For what she did to herself my mother had a cause too dark to tell. She had sorrows enough, as anyone could see. Her fugitive marriage, the father she'd abandoned; a family reduced to caged rabbits kept only for meat. But many endure worse and do not choose such a hateful exit. It must have been bad, whatever pushed her to the top of the salt dome with her plungers and her strap. Some unrevealed horror that swam in her blood. She fed just enough fink into her tubes to kill it off.

The morning we found Umma heavy snow fell over Melville Island, but a naughty wind never allowed it to land. It took two days for the bush pilot to reach us, during which time Pop did not sleep nor sit still.

Mae wrapped the body in a bedsheet. Terry and Bill made a casket from the water drum, although it took some cleverness to fold my mother inside. Knees up, head down, Umma was a tight fit. They topped her off with sea ice and pulled the drum by sled to the airstrip. Pop could have done so alone, but out of respect Terry did not ask the big man to lift his wife's body into the hold of the plane.
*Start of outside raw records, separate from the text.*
Lemma texp_wpow k : texp z k (wpow k) = z w0 ^+ k.
Proof. by elim: k => [|k IHk]; rewrite ?texpS /= ?lzmul_catw0l ?IHk ?exprS. Qed.

Lemma lzmul_wpow f k : lzmul f (wpow k) = rzmul f (wpow k).
Proof.
case: k => [|k].
  by rewrite /lzmul /rzmul /= z_homog ?mul0r ?mulr0 // eq_sym -lt0n.
by rewrite {1}(_ : wpow k.+1 = w0 ++ wpow k) // lzmul_catw0l wpowSr rzmul_catw0r mulrC.
Qed.

Lemma zser2_wpow c k l : zser2 c (wpow k) (wpow l) = c k l * z w0 ^+ l * z w0 ^+ k.
Proof. by rewrite /zser2 /zser !size_wpow !mulKn // !texp_wpow. Qed.

Lemma commutes_in_degree_rzmul m f : (e <= m)%N -> commutes_in_degree m f ->
  forall x, size x = m -> f x = rzmul (fun v => f (w0 ++ v) / z w0) x.
Proof.
move=> le_em fC x x_m.
have fE : lzmul f (w0 ++ x) = rzmul f (w0 ++ x).
  by apply: fC; rewrite size_cat size_w0 x_m addnC.
rewrite lzmul_catw0l rzmul_catw0l ?x_m // in fE.
by rewrite rzmul_divr -fE mulrC mulKf.
Qed.

Lemma commutes_in_degree_lzmul m f : (e <= m)%N -> commutes_in_degree m f ->
  forall x, size x = m -> f x = lzmul (fun v => f (w0 ++ v) / z w0) x.
Proof.
move=> le_em fC x x_m.
have f_swap v : size v = (m - e)%N -> f (v ++ w0) = f (w0 ++ v).
  move=> v_m; have : lzmul f (w0 ++ v ++ w0) = rzmul f ((w0 ++ v) ++ w0).
    by rewrite -catA; apply: fC; rewrite !size_cat v_m size_w0; lia.
  by rewrite lzmul_catw0l rzmul_catw0r mulrC => /mulIf ->.
have fE : lzmul f (x ++ w0) = rzmul f (x ++ w0).
  by apply: fC; rewrite size_cat size_w0 x_m.
rewrite rzmul_catw0r lzmul_catw0r ?x_m // in fE.
rewrite (eq_lzmul (g := fun v => f (w0 ++ v))) in fE; last first.
  by move=> v; rewrite x_m; apply: f_swap.
by rewrite lzmul_divr fE mulfK.
Qed.

Lemma centralizer_homog m f : commutes_in_degree m f ->
  exists a, forall x, size x = m -> f x = a * texp z (m %/ e) x.
Proof.
elim/ltn_ind: m f => m IHm f fC.
have [lt_me | le_em] := ltnP m e.
  have [m0 | m_gt0] := posnP m.
    exists (f [::]) => x; rewrite m0 div0n => /size0nil ->.
    by rewrite /texp /= /tone mulr1.
  by exists 0 => x x_m; rewrite mul0r (z_no_low _ fC) // m_gt0.
pose g v := f (w0 ++ v) / z w0.
have [a ga] : exists a,
    forall x, size x = (m - e)%N -> g x = a * texp z ((m - e) %/ e) x.
  apply: IHm; first lia.
  move=> x; rewrite subnK // => x_m.
  rewrite -(commutes_in_degree_lzmul le_em fC x_m).
  by rewrite (commutes_in_degree_rzmul le_em fC x_m).
have -> : (m %/ e = ((m - e) %/ e).+1)%N.
  by rewrite -{1}(subnK le_em) divnDr ?dvdnn // divnn e_gt0 addn1.
exists a => x x_m; rewrite (commutes_in_degree_rzmul le_em fC x_m) texpSr.
rewrite (eq_rzmul (g := fun v => a * texp z ((m - e) %/ e) v)) => [|v]; last first.
  by rewrite x_m; apply: ga.
by rewrite /rzmul mulrA.
Qed.

Lemma centralizer_eq0 m f : commutes_in_degree m f -> f (wpow (m %/ e)) = 0 ->
  forall x, size x = m -> f x = 0.
Proof.
move=> /centralizer_homog [a fE] f0 x x_m; rewrite fE //.
have [dvd_em | ndvd_em] := boolP (e %| m)%N; last first.
  rewrite texp_homog ?mulr0 // x_m; apply: contra ndvd_em => /eqP ->.
  exact: dvdn_mulr.
suff -> : a = 0 by rewrite mul0r.
move: f0; rewrite fE ?size_wpow ?divnK 1?mulnC ?divnK // texp_wpow => /eqP.
by rewrite mulf_eq0 expf_eq0 (negbTE zw0_neq0) andbF orbF => /eqP.
Qed.

Lemma commutes_Delta_eq0 u : commutes_Delta u ->
  (forall k l, u (wpow k) (wpow l) = 0) -> forall x y, u x y = 0.
Proof.
move=> uD u0; suff uq0 q x y : size y = q -> u x y = 0 by move=> x y; apply: uq0 erefl.
elim/ltn_ind: q x y => q IHq.
(* The commutator terms acting on y only see shorter second arguments. *)
have u_y p y : size y = q -> commutes_in_degree p (u^~ y).
  move=> y_q x _; have := uD x y.
  by rewrite [lzmul (u x) y]lzmul_eq0 ?[rzmul (u x) y]rzmul_eq0 ?addr0 // => v;
    rewrite y_q => /IHq; apply.
(* Left and right multiplication by z agree at the words w0^k. *)
have u_wpow k : commutes_in_degree q (u (wpow k)).
  by move=> y _; have := uD (wpow k) y; rewrite lzmul_wpow => /addrI.
have u_wpow0 k y : size y = q -> u (wpow k) y = 0.
  by move=> y_q; apply: centralizer_eq0 (u_wpow k) _ y y_q; apply: u0.
move=> x y y_q.
exact: centralizer_eq0 (u_y _ y y_q) (u_wpow0 _ y y_q) x erefl.
Qed.

Theorem commutes_Delta_powserP u : commutes_Delta u <-> in_powser_tensor z u.
Proof.
rewrite in_powser_tensorP; split=> [uD | [c uc] x y]; last first.
  by move: (commutes_Delta_zser2 c x y); rewrite /lzmul /rzmul /= !uc.
pose c k l := u (wpow k) (wpow l) / (z w0 ^+ l * z w0 ^+ k).
exists c => x y; apply/eqP; rewrite -subr_eq0; apply/eqP.
apply: (commutes_Delta_eq0 (commutes_DeltaB uD (commutes_Delta_zser2 c))) => k l.
by rewrite zser2_wpow -mulrA divfK ?subrr // mulf_neq0 // expf_neq0.
Qed.

Theorem Delta_centralizer_homog u :
  (forall x y, tcomm2 (Delta_prim z) u x y = 0) <-> in_powser_tensor z u.
Proof. exact: iff_trans (commutes_DeltaP u) (commutes_Delta_powserP u). Qed.

End Witness.

End HomogeneousElement.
That job was left to me and Faron.

We transferred to the cargo jet at Fort Churchill. All the way down to Cape Cannibal my father sat in back holding the water drum steady as the clumsy vessel skipped across the polar jet stream. It did not matter that the drum wasn't going anywhere. Bill had strapped it to a railing and taped down the lid. Pop rested his head on the side, listening to the melting ice shift around Umma's body.

He had lost a fight to bury our mother in the So Caroline peach field where the young couple had enjoyed their last period of unqualified happiness. Terry offered a choice of funeral arrangements: ditch her body over the Atlantic or bury her in the shallows of Broadaxe Creek on Cape Cannibal. My father was sickened by the second option, his lover's flesh picked apart by crabs, like ladies with plastic tongs at a salad bar. Bill said it would be quicker to open the cargo door and give the barrel a hard shove: we would be too high up to see the splash. But in the end, Pop needed a place to put flowers, so he agreed to lay her to rest in the creek.

Back at Cannibal Terry stored the water drum in a hydrogen cooling tank at Launch Command. He said it would take a day or so to make the arrangements. Mainly this involved finding the keys to a front loader and buying dress shoes for the ceremony. Nguyen would not contemplate a funeral without decent footwear.

While Umma awaited her burial, Vansters came and went like carpenter bees. In yellow coveralls men swarmed over the launchpad, shouting to one another on walky-talks, writing on clipboards, and generally ignoring us grieving astronauts. Typical Bosom men, busy-looking and proud. When we were on Melville Island they had raised the Orion capsule, Habitat, and Penguin from the pit and installed them in the nose of an SLS booster rocket. Now, as Faron, Sylvia, and I watched from the bleachers, the vessel made its slow crawl across the tarmac on a pair of flatcars. Rollout, a quarter-mile ride that lasted twelve hours. A hydraulic lift stood the rocket on end, and as huge gantry arms hugged it tight against the tower, Sylvia leaned on my brother. They looked at each other with eagerness, as if a whole new life awaited them.

Now and again in my trailer I would start at the sudden hiss of the fire trench snorting out clots of fog. The crew was running test firings, bringing Orion to life out there on the launchpad. In three weeks, on a Tuesday, we would perform our final fit-in and dress rehearsal. As the day approached, Sylvia's parents vanished for hours inside Launch Command to learn what all those switches and keys could do. Bill acted like the rest of us were too dense to understand, but there wasn't much to it. In their last days the Astronomers had foreseen the depths of future ignorance. They had automated the works, staging, launch, navigation, and landing. A toggle switch on a power strip, a string of code tapped on a keyboard, and away we'd go. “Plug and play” was the phrase Dr. Padma Ridley used, though it did not seem like my sort of game.